Museum records were searched and the mystery was resolved. In 1917, heirs of the artist Gabriel von Max had donated the collection of 20 mummies to the museum. They were thought to have been lost during the chaos of World War II.

Science defies time

Scientists soon began to study the remains with modern forensic methods. What came to be known as the German Mummy Project used computer tomography, MRIs, radio carbon dating and DNA analysis to learn the mummies' stories.

Researchers were able to study the mummies without unwrapping them and with a minimum of invasive techniques, project leaders say. Mummies were soon gathered from other institutions across Europe for examination.

Tests told much: Diet, age, cause of death and even religious origin were detailed. A healed scar on the chest of a tattooed woman from Chile mummified 800 years ago showed that she was well-cared-for in life and probably benefited from whatever medical knowledge was available, Gill-Frerking says.

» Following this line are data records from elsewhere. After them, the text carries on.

Lemma piece_eq_of_triangle (s : bool) (P Q S : pt R) (k : R) :
  inT e P -> inT e Q -> inT e S -> det2 (psub Q P) (psub S P) != 0 -> 2%:R <= k ->
  (forall a b : nat, (a + b <= 2)%N ->
     (0 <= side D nb (affc P (psub Q P) (psub S P) (a%:R / k) (b%:R / k))) = s) ->
  u s = v s.
Proof.
move=> hP hQ hS hdet hk hside.
have k_gt0 : 0 < k by apply: lt_le_trans hk; rewrite ltr0n.
pose V := ptZ k^-1 (psub Q P); pose W := ptZ k^-1 (psub S P).
have hVW : det2 V W != 0.
  have -> : det2 V W = k^-1 ^+ 2 * det2 (psub Q P) (psub S P) by rewrite /det2 /=; ring.
  by rewrite mulf_neq0 // expf_neq0 // invr_eq0 lt0r_neq0.
have agree_lattice a b : (a + b <= 2)%N ->
    vev (u s) (affc P V W a%:R b%:R) = vev (v s) (affc P V W a%:R b%:R).
  move=> hab.
  have -> : affc P V W a%:R b%:R = affc P (psub Q P) (psub S P) (a%:R / k) (b%:R / k).
    by rewrite /affc /V /W /ptZ /=; congr pair; ring.
  have hin : inT e (affc P (psub Q P) (psub S P) (a%:R / k) (b%:R / k)).
    apply: inT_affc; rewrite ?divr_ge0 ?ler0n ?(ltW k_gt0) //.
    by rewrite -mulrDl ler_pdivrMr // mul1r -natrD (le_trans _ hk) // ler_nat.
  by move: (agree_on_T hin); rewrite /pw_eval hside.
rewrite [u s]surjective_pairing [v s]surjective_pairing.
congr pair; apply: (bpoly_eq_on_lattice (P := P) hVW) => a b hab;
  by have /pair_equal_spec[] := agree_lattice a b hab.
Qed.

(* T^+ contains the triangle D E Yp, whose lattice points of mesh 1/2 lie in the
   closed half-plane; T^- contains the triangle Zm D E, whose lattice points of
   mesh 1/4 stay off l. *)
Lemma pieces_eq (E Yp Zm : pt R) (s : bool) :
  onBdT e D -> onBdT e E -> D <> E -> side D nb E = 0 -> dotp nb nb = 1 ->
  inT e Yp -> inT e Zm -> 0 < side D nb Yp -> side D nb Zm < 0 -> u s = v s.
Proof.
move=> hD hE DneE hsE hn hYp hZm sYp sZm.
have t_neq0 := tangent_coord_neq0 hn hsE DneE.
have sD : side D nb D = 0 by rewrite /side !subrr !mul0r addr0.
case: s.
- apply: (piece_eq_of_triangle (onBdT_inT hD) (onBdT_inT hE) hYp (k := 2%:R)) => //.
    by rewrite (det2_line hn hsE) mulf_neq0 ?oppr_eq0 // lt0r_neq0.
  move=> a b _; rewrite side_affc sD hsE !mulr0 !add0r.
  by rewrite mulr_ge0 ?divr_ge0 ?ler0n ?(ltW sYp).
- apply: (piece_eq_of_triangle hZm (onBdT_inT hD) (onBdT_inT hE) (k := 4%:R)).
  + have -> : det2 (psub D Zm) (psub E Zm) = det2 (psub E D) (psub Zm D).
      by rewrite /det2 /=; ring.
    by rewrite (det2_line hn hsE) mulf_neq0 ?oppr_eq0 // ltr0_neq0.
  + by rewrite ler_nat.
  + move=> a b hab; have : a%:R + b%:R <= 2%:R :> R by rewrite -natrD ler_nat.
    rewrite side_affc sD hsE !mulr0 !addr0 => hab'.
    by apply/negbTE; rewrite -ltNge pmulr_rlt0 //; lra.
Qed.

End IFEPieces.

Section ElasticityMatrices.
Variable R : realFieldType.
Implicit Types (lam mu : R) (nb w : pt R) (u : vpoly R).

Lemma kron_pt_mulmx (v : pt R) (B : 'M[R]_2) : kron_pt v B = B *m kron_pt v 1%:M.
Proof. by rewrite /kron_pt (@mul_mx_row _ 2 2 2 2) -!scalemxAr !mulmx1. Qed.

Lemma kron_ptD (v w : pt R) (B : 'M[R]_2) :
  kron_pt v B + kron_pt w B = kron_pt (v.1 + w.1, v.2 + w.2) B.
Proof. by rewrite /kron_pt (@add_row_mx _ 2 2 2) -!scalerDl. Qed.

Lemma kron_ptZ (c : R) (v : pt R) (B : 'M[R]_2) : kron_pt (ptZ c v) B = c *: kron_pt v B.
Proof. by rewrite /kron_pt (@scale_row_mx _ 2 2 2) !scalerA. Qed.

Lemma kron_pt1_mulmxE (v : pt R) (g : 'cV[R]_4) (r : 'I_2) :
  (kron_pt v 1%:M *m g) r 0 = v.1 * g (inord r) 0 + v.2 * g (inord (2 + r)) 0.
Proof.
rewrite mxE big_ord4 !row_mx_inord !inordK //= !mxE.
by have [->|->] := ord2P r; rewrite -!val_eqE /= !inordK //=; ring.
Qed.

(* A left inverse of Nbar: with t the tangent, a gradient G is recovered from
   b = G t (rows 3-4) and a = sigma(G) n (rows 1-2) through
   n.(G n) = (a.n - lam b.t) / (lam + 2 mu) and t.(G n) = a.t / mu - b.n;
   the powers of nu normalise a normal of arbitrary length. *)
Definition Nbar_inv lam mu nb : 'M[R]_4 :=
  let n1 := nb.1 in let n2 := nb.2 in let L := lam + 2%:R * mu in
  let nu := n1 ^+ 2 + n2 ^+ 2 in
  let al := [:: n1 / L; n2 / L; lam * n2 / L; - (lam * n1) / L] in
  let be := [:: - n2 / mu; n1 / mu; - n1; - n2] in
  let g1 := [:: 0; 0; 1; 0] in let g2 := [:: 0; 0; 0; 1] in
  \matrix_(i < 4, j < 4)
   let a := nth 0 al j in let b := nth 0 be j in
   nth 0 [:: (a * n1 ^+ 2 - b * n1 * n2) / nu ^+ 2 - nth 0 g1 j * n2 / nu;
             (a * n1 * n2 + b * n1 ^+ 2) / nu ^+ 2 - nth 0 g2 j * n2 / nu;
             (a * n1 * n2 - b * n2 ^+ 2) / nu ^+ 2 + nth 0 g1 j * n1 / nu;
             (a * n2 ^+ 2 + b * n1 * n2) / nu ^+ 2 + nth 0 g2 j * n1 / nu] i.

Section LamePositive.
Variables (lam mu : R) (nb : pt R).
Hypotheses (lam_gt0 : 0 < lam) (mu_gt0 : 0 < mu) (nb_neq0 : nb.1 ^+ 2 + nb.2 ^+ 2 != 0).

Lemma Nbar_invK : Nbar_inv lam mu nb *m Nbar lam mu nb = 1%:M.
Proof.
have hL : lam + 2%:R * mu != 0 by rewrite lt0r_neq0 // addr_gt0 ?mulr_gt0.
have hmu : mu != 0 by rewrite lt0r_neq0.
apply/matrixP => i j; rewrite !mxE big_ord4 !mxE !inordK //.
by case: i => [[|[|[|[|i]]]] Hi] //; case: j => [[|[|[|[|j]]]] Hj] //=;
  field; apply/and3P.
Qed.

Lemma Nbar_unit : Nbar lam mu nb \in unitmx.
Proof. by case: (mulmx1_unit Nbar_invK). Qed.

End LamePositive.

Lemma tangential_rows_Nbar lam mu nb :
  (row_mx (0 : 'M_2) 1%:M : 'M_(2, 4)) *m Nbar lam mu nb = kron_pt (tangent nb) 1%:M.
Proof.
apply/matrixP => r k; rewrite mxE big_ord4 !row_mx_inord !inordK //= !mxE !inordK //.
have [->|->] := ord2P r; case: k => [[|[|[|[|k]]]] Hk] //=;
  by rewrite ?inordK //= -!val_eqE /= !inordK //=; ring.
Qed.

Definition gradv u (X : pt R) : 'cV[R]_4 :=
  \col_(k < 4) nth 0 [:: bev (bdx u.1) X; bev (bdx u.2) X; bev (bdy u.1) X;
                         bev (bdy u.2) X] k.

Lemma traction_gradv lam mu u (F : pt R) nb :
  traction lam mu u F nb =
  ((Nbar lam mu nb *m gradv u F) (inord 0) 0, (Nbar lam mu nb *m gradv u F) (inord 1) 0).
Proof. by rewrite /traction !mxE !big_ord4 !mxE !inordK //=; congr pair; ring. Qed.

Lemma gradvD u v (X : pt R) : gradv (vadd u v) X = gradv u X + gradv v X.
Proof.
apply/matrixP => k c; rewrite !mxE.
by case: k => [[|[|[|[|k]]]] Hk] //=; rewrite /bev /=; ring.
Qed.

Section Transmission.
Variables (lam mu : bool -> R) (nb : pt R) (s : bool).
Hypotheses (lam_gt0 : forall b, 0 < lam b) (mu_gt0 : forall b, 0 < mu b)
  (nb_unit : dotp nb nb = 1).

Let Nbar_unit_at b : Nbar (lam b) (mu b) nb \in unitmx.
Proof.
by apply: Nbar_unit; rewrite // !expr2 -[_ + _]/(dotp nb nb) nb_unit oner_neq0.
Qed.

Lemma Nbar_Mbar : Nbar (lam (~~ s)) (mu (~~ s)) nb *m Mbar lam mu nb s = Nbar (lam s) (mu s) nb.
Proof. by rewrite /Mbar mulmxA mulmxV ?mul1mx. Qed.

Examination of what is known as the Orlovits family mummies - father, mother and 1-year-old son found in a crypt in Hungary in 1994 - showed they were probably victims of an epidemic in the early 1800s called the "white plague," known today as tuberculosis.

Signs of respect

Gill-Frerking says the German Mummy Project is internationally recognized for its dignified approach. "I work hard to treat these mummies as a family member," she says.

Visitors get a three-minute orientation video before entering. "We don't present it in such a way that you walk right in and, wham, you're face to face with a mummy," she says.

Light, temperature and humidity are controlled to guard against damage. No cellphones or photography are permitted. During the exhibition in Los Angeles, 50 percent of the visitors were families with children.

John Mackay, Discovery Place's president, says the exhibit is engineered so people can make a personal connection with the specimens, while stressing the science involved. "You come to understand that these are people with real stories."

Mackay says prior exhibitions of "Body Worlds" and "Pompeii" have taught the museum staff that the public has an intense curiosity about the mysteries of death, on several levels.

"People are interested in connecting with the afterlife," he says. "Here they can do that on both the scientific and spiritual level."